Soucieuse d'ouverture sur l'espace, la peinture de Mireille Printemps accorde une certaine importance au vide et au besoin d'évasion qu'il illustre et suggère. Des horizons diffus prolongeant une atmosphère flottante contribuent à créer l'onirisme qu'affectionne son tempérament. Ainsi ne voit-on jamais les pieds de ses personnages féminins qu'entoure, le plus souvent, un imposant désert de sable (série des porteuses d'eau). Adepte des glacis qui donnent à sa peinture une transparence particulière, elle semble éternellement en quête de solitude, trouvant dans la musique un soutien très précieux. Chopin est le compositeur auquel elle aime se référer. En dehors de la peinture sur toile ou sur panneau de bois, Mireille avoue son attirance pour l'encre et le lavis, sans doute parce qu'ils correspondent à son besoin de légèreté.

Elle fait également référence à la poésie, dans laquelle elle vient puiser comme à une source vivifiante. Un vers, un rythme, une rime et le ton est donné, une image tout à coup prend corps : un bateau, un envol de mouettes, une lointaine île au trésor, ou l'esquisse d'une nature morte prennent naissance sur la toile blanche. Il y a, chez cette âme nostalgique, un besoin de se confronter aux forces de la nature dont elle aime les aspects tranchés, d'où son peu d'attirance pour les demi-saisons. Mireille Printemps caresse les ocres autant qu'elle peut affectionner les bleus. En ce moment, c'est à la mer qu'elle pense presque continuellement. Ses murmures et ses soubresauts l'attirent, car ils s'accordent au flux d'une pensée vagabonde et libre.

N'est-ce pas un reflet d'elle-même que son pinceau cherche à saisir à travers le chemin des eaux ?
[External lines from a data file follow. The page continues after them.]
(* Let $n,k$ be positive integers with $n\geq k$ and $n> 3(n-k)$. Then for every $C\in\mathcal{K}_k(n)$, the diagram $\beta_{n,k}(C)$ lies in $\mathcal{K}_{k-1}(n-1)$.
   Context: A linear chord diagram of size $n$ is a partition of $\{1,2,\dots,2n\}$ into blocks of size two, called chords. For a chord $c=\{s_c,e_c\}$ with $s_c<e_c$, $s_c$ is its start point, $e_c$ its end point, and its length is $e_c-s_c$. $\mathcal{K}_k(n)$ is the set of all linear chord diagrams of size $n$ in which every chord has length at least $k$. Let $M_{n,k}=\{k+1,\dots,2n-k\}$, and for a diagram $C$ of size $n$ let $S_C$ be the set of chords of $C$ with neither endpoint in $M_{n,k}$. The map $\beta_{n,k}$ is defined on $C\in\mathcal{K}_k(n)$ as follows. Let $c$ be the chord whose end point is $2n-k+1$ (the position immediately after $M_{n,k}$). Repeatedly swap the start point of $c$ with the nearest start point to its right belonging to a chord of $S_C$ (the two chords exchange these start positions), until no start point of a chord of $S_C$ lies to the right of the start point of $c$. Then remove the chord $c$ and relabel the remaining $2n-2$ points $1,\dots,2n-2$ preserving order. The result is $\beta_{n,k}(C)$, a diagram of size $n-1$. *)

From mathcomp Require Import all_boot.
Set Implicit Arguments. Unset Strict Implicit. Unset Printing Implicit Defensive.

(* A linear chord diagram of size n on the points 1..2n is encoded by its
   partner map p : nat -> nat (p i is the other endpoint of the chord
   containing i); values outside 1..2n are irrelevant. *)
Definition is_lcd (n : nat) (p : nat -> nat) : Prop :=
  forall i, 1 <= i <= 2 * n ->
    [/\ 1 <= p i <= 2 * n, p i != i & p (p i) = i].

Definition K (k n : nat) (p : nat -> nat) : Prop :=
  is_lcd n p /\ forall i, 1 <= i <= 2 * n -> i < p i -> k <= p i - i.

Definition inM (n k x : nat) : bool := (k < x) && (x <= 2 * n - k).

(* Chords are identified by their end points (swapping start points never
   moves end points).  The chord of C = p0 with end point e is in S_C iff
   neither of its endpoints lies in M_{n,k}. *)
Definition inSC (n k : nat) (p0 : nat -> nat) (e : nat) : bool :=
  [&& p0 e < e, ~~ inM n k e & ~~ inM n k (p0 e)].

Definition swap_starts (p : nat -> nat) (e1 e2 : nat) : nat -> nat :=
  fun x =>
    if x == e1 then p e2
    else if x == e2 then p e1
    else if x == p e1 then e2
    else if x == p e2 then e1
    else p x.

(* The end point 2n-k+1 of the distinguished chord c. *)
Definition cend (n k : nat) : nat := (2 * n - k).+1.

(* One step of the swapping procedure, for the original diagram p0 and the
   current diagram p: let s be the current start point of c; if some start
   point q > s belongs to a chord of S_C, take the nearest one and swap. *)
Definition beta_step (n k : nat) (p0 p : nat -> nat) : nat -> nat :=
  let s := p (cend n k) in
  let cands := [seq q <- iota s.+1 (2 * n - s)
                 | (q < p q) && inSC n k p0 (p q)] in
  match cands with
  | [::] => p
  | q :: _ => swap_starts p (cend n k) (p q)
  end.

(* Repeat until no more swap is possible (2n steps always suffice since the
   start of c strictly moves right at each effective step; once no swap is
   possible the step is the identity). *)
Definition beta_swapped (n k : nat) (p0 : nat -> nat) : nat -> nat :=
  iter (2 * n) (beta_step n k p0) p0.

Definition relab (a b x : nat) : nat := x - (a < x) - (b < x).
Definition unrelab (a b y : nat) : nat :=
  let y1 := if a <= y then y.+1 else y in
  if b <= y1 then y1.+1 else y1.

Definition beta (n k : nat) (p0 : nat -> nat) : nat -> nat :=
  let pf := beta_swapped n k p0 in
  let b := cend n k in
  let a := pf b in
  fun y => relab a b (pf (unrelab a b y)).

From mathcomp Require Import all_boot zify.
Set Implicit Arguments. Unset Strict Implicit. Unset Printing Implicit Defensive.

(* The swaps only permute the start points of the chords of S_C, all of which
   lie in {1..k} since a chord of length >= k cannot start after 2n-k; the
   chord c with end b = 2n-k+1 belongs to S_C because its start is at most
   2n-2k+1 <= k.  Through every swap three facts persist: chords outside S_C
   do not move, every chord other than c has length >= k, and every chord
   enclosing both endpoints of c has length > k.  Indeed, when the start s of
   c is exchanged with the nearest S_C start q > s, whose chord ends at some
   e > b, that chord gets the longer span [s, e]; and no chord ending after b
   can start strictly between s and q, for it would belong to S_C.  Removing
   c shortens a chord by the number of endpoints of c it encloses, so every
   length stays >= k-1.  The invariant holds after any number of swaps. *)

Lemma lcd_partnerE n p x y : is_lcd n p ->
  1 <= x <= 2 * n -> 1 <= y <= 2 * n -> (p x == y) = (x == p y).
Proof.
move=> lcd_p x_range y_range; apply/eqP/eqP => [<-|->].
- by have [_ _ ->] := lcd_p _ x_range.
- by have [_ _ ->] := lcd_p _ y_range.
Qed.

Lemma lcd_partner_inj n p x y : is_lcd n p ->
  1 <= x <= 2 * n -> 1 <= y <= 2 * n -> (p x == p y) = (x == y).
Proof.
move=> lcd_p x_range y_range; have [py_range _ ppy] := lcd_p _ y_range.
by rewrite (lcd_partnerE lcd_p) // ppy.
Qed.

Lemma K_end_long n k p x : K k n p -> 1 <= x <= 2 * n -> p x < x -> k <= x - p x.
Proof.
move=> [lcd_p long] x_range x_end; have [px_range _ ppx] := lcd_p _ x_range.
by have := long _ px_range; rewrite ppx; apply.
Qed.

Lemma unrelabE a b y : unrelab a b y = y + (a <= y) + (b <= y + (a <= y)).
Proof.
rewrite /unrelab; case: (a <= y); rewrite ?addn0 ?addn1;
  by case: ifP; rewrite ?addn0 ?addn1.
Qed.

Lemma unrelab_bounds a b y : y <= unrelab a b y <= y.+2.
Proof. by rewrite unrelabE; lia. Qed.

Section Relabel.
Variables a b : nat.
Hypothesis lt_ab : a < b.

Lemma unrelabK : cancel (unrelab a b) (relab a b).
Proof. by move=> y; rewrite /relab unrelabE; lia. Qed.

Lemma unrelab_neq y : unrelab a b y != a /\ unrelab a b y != b.
Proof. by rewrite unrelabE; lia. Qed.

Lemma relabK x : x != a -> x != b -> unrelab a b (relab a b x) = x.
Proof. by rewrite /relab unrelabE; lia. Qed.

Lemma ltn_relab x z : x != a -> x != b -> z != a -> z != b ->
  (relab a b x < relab a b z) = (x < z).
Proof. by rewrite /relab; lia. Qed.

Lemma relab_range n x : 0 < a -> b <= 2 * n -> x != a -> x != b ->
  1 <= x <= 2 * n -> 1 <= relab a b x <= 2 * n.-1.
Proof. by rewrite /relab; lia. Qed.

Lemma relab_dist k x z : x != a -> x != b -> z != a -> z != b -> x < z ->
  k <= z - x -> (x < a -> b < z -> k < z - x) ->
  k.-1 <= relab a b z - relab a b x.
Proof. by rewrite /relab; lia. Qed.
Luis PORQUET, critique d'art



Lorsqu'elle s'adonne au figuratif, PRINTEMPS est une artiste de l'étrange, particulièrement lorsque ses peintures marines quasi-monochromes, s'attachent à la sérénité de mystérieux navires, aux mâts démesurés et aux reflets inquiétants dans une atmosphère pourtant fascinante.

Même lorsqu'elle s'engage dans un réalisme plus pittoresque, ses personnages, les sites, les bâtisses n'en représentent pas moins une présence assez menaçante malgré le beau travail en nuance du sol et du ciel.
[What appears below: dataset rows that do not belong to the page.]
Lemma in_sub_inj x a b : a \in s -> b \in s ->
  in_sub T a x -> in_sub T b x -> a = b.
Proof.
move=> a_s b_s /andP [a_le a_lt] /andP [b_le b_lt].
case: (ltngtP (index a s) (index b s)) => [ab|ba|]; last exact: index_inj.
- by exfalso; have := iet_start_lt b_s a_s ab; lra.
- by exfalso; have := iet_start_lt a_s b_s ba; lra.
Qed.

Lemma iet_letterE d a x : a \in s -> in_sub T a x -> iet_letter d T x = a.
Proof.
move=> a_s a_x; have has_x : has (in_sub T ^~ x) s by apply/hasP; exists a.
by apply: in_sub_inj (nth_find d has_x) a_x; rewrite // mem_nth -?has_find.
Qed.

Lemma in_sub_cover x : iet_left T <= x < iet_right T ->
  exists2 a, a \in s & in_sub T a x.
Proof.
rewrite /iet_right => /andP [x_ge x_lt].
have [|a a_s /andP [a_le a_lt]] := @sum_take_cover _ _ s len (x - iet_left T) s_uniq.
  by apply/andP; split; lra.
by exists a; rewrite // /in_sub iet_startE //; apply/andP; split; lra.
Qed.

Lemma iet_mapE a x : a \in s -> in_sub T a x ->
  iet_map T x = x - iet_start T a + iet_image_start T (iet_pinv T a).
Proof.
move=> a_s a_x; have filter_x : [seq b <- s | in_sub T b x] = [:: a].
  rewrite -(filter_pred1_uniq s_uniq a_s); apply: eq_in_filter => b b_s /=.
  by apply/idP/eqP => [b_x | ->]; first exact: in_sub_inj b_x a_x.
have reindex : \sum_(b <- s | iet_before T (iet_pinv T b) (iet_pinv T a)) len b
             = \sum_(c <- s | iet_before T c (iet_pinv T a)) len (pi c).
  rewrite -[LHS](perm_big _ perm_pi) big_map [LHS]big_seq_cond [RHS]big_seq_cond.
  by apply: eq_bigl => c; case c_s: (c \in s); rewrite //= iet_pinvK.
rewrite /iet_map -big_filter filter_x big_seq1 /iet_tau reindex.
rewrite !big_iet_before ?iet_pinv_mem // iet_startE // /iet_image_start; lra.
Qed.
Une belle peinture, donc, qui fait réagir et provoque le plus souvent une réflexion dépassant la représentation formelle des espaces, des sites, des rites et des pays concernés par le travail attentif de l'artiste.
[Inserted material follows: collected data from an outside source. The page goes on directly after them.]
Section SegmentExchange.
Variables (V E : finType) (src dst : E -> V).
Variables (s t u v : V) (a1 q1 b1 a2 q2 b2 r1 r2 : seq E).
Local Notation walk := (is_walk src dst).
Local Notation simple := (simple_path src dst).
Let pi1 := a1 ++ q1 ++ b1.
Let pi2 := a2 ++ q2 ++ b2.
Hypotheses (pi1_path : simple s t pi1) (pi2_path : simple s t pi2).
Hypotheses (q1_walk : walk u v q1) (q2_walk : walk u v q2).
Hypotheses (q1_excl : all (fun e => e \notin pi2) q1)
           (q2_excl : all (fun e => e \notin pi1) q2).
Hypotheses (r1_path : simple u v r1) (r2_path : simple u v r2).
Hypothesis r_disj : all (fun e => e \notin r2) r1.

Let common : pred E := fun e => (e \in pi1) && (e \in pi2).
Let rest : pred E := fun e => ((e \in pi1) || (e \in pi2)) && ~~ ((e \in q1) || (e \in q2)).
Let available : pred E := fun e => [|| rest e, e \in r1 | e \in r2].

(* Common links are doubled: a connection may share them without losing survivability. *)
Let doubled : pred (E * bool) := fun p => if p.2 then common p.1 else available p.1.

Let q1_notin e : e \in q1 -> e \notin pi2 := allP q1_excl e.
Let q2_notin e : e \in q2 -> e \notin pi1 := allP q2_excl e.

Let rest_sides1 e : e \in a1 ++ b1 -> rest e.
Proof.
move=> eab; have epi1 : e \in pi1 := mem_cat3_sides q1 eab.
have eNq1 := uniq_cat3_notin_mid (simple_path_uniq pi1_path) eab.
rewrite /rest epi1 (negbTE eNq1) /=.
by apply: contraL epi1 => /q2_notin.
Qed.

Let rest_sides2 e : e \in a2 ++ b2 -> rest e.
Proof.
move=> eab; have epi2 : e \in pi2 := mem_cat3_sides q2 eab.
have eNq2 := uniq_cat3_notin_mid (simple_path_uniq pi2_path) eab.
rewrite /rest epi2 orbT (negbTE eNq2) orbF /=.
by apply: contraL epi2 => /q1_notin.
Qed.

Let common_rest e : common e -> rest e.
Proof.
case/andP=> e1 e2; rewrite /rest e1 /= negb_or.
by apply/andP; split; [apply: contraL e2 => /q1_notin | apply: contraL e1 => /q2_notin].
Qed.

Lemma exchange_two_arc_connected :
  two_arc_connected (fun p => src p.1) (fun p => dst p.1) doubled s t.
Proof.
move=> X sX tX; have [/andP [uX vX]|uv] := boolP ((u \in X) && (v \notin X)).
  have [f1 f1r1 l1] := walk_leaving (proj1 (andP r1_path)) uX vX.
  have [f2 f2r2 l2] := walk_leaving (proj1 (andP r2_path)) uX vX.
  exists (f1, false), (f2, false); split=> //=.
    by rewrite xpair_eqE andbT; apply: contraTneq f2r2 => <-; exact: (allP r_disj).
  by rewrite /doubled /available /= f1r1 f2r2 !orbT.
have [[e1 e1ab l1]|[uX vX]] := walk_cat3_leaving (proj1 (andP pi1_path)) q1_walk sX tX;
  last by rewrite uX vX in uv.
have [[e2 e2ab l2]|[uX vX]] := walk_cat3_leaving (proj1 (andP pi2_path)) q2_walk sX tX;
  last by rewrite uX vX in uv.
have [rest1 rest2] := (rest_sides1 e1ab, rest_sides2 e2ab).
have [e12|e12] := eqVneq e1 e2.
  exists (e1, false), (e1, true); split=> //=; first by rewrite xpair_eqE eqxx.
  have [e1pi1 e2pi2] := (mem_cat3_sides q1 e1ab, mem_cat3_sides q2 e2ab).
  by rewrite /doubled /available /common /= rest1 e1pi1 e12 e2pi2.
exists (e1, false), (e2, false); split=> //=; first by rewrite xpair_eqE negb_and e12.
by rewrite /doubled /available /= rest1 rest2.
Qed.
Mais, de ce fait, PRINTEMPS réussit parfaitement une tendance plus dynamique et plus informelle de sa pensée créatrice: elle transmet le jeu subtil d'un élan musical aux jolies couleurs nacrées, aux volutes expressives dont le charme s'accommode d'un geste aussi élégant qu'hardi, mais toujours profondément marqué par la personnalité de l'artiste, ambigüe quant à la technique, mais ambitieuse et convaincante par la conception et l'interprétation.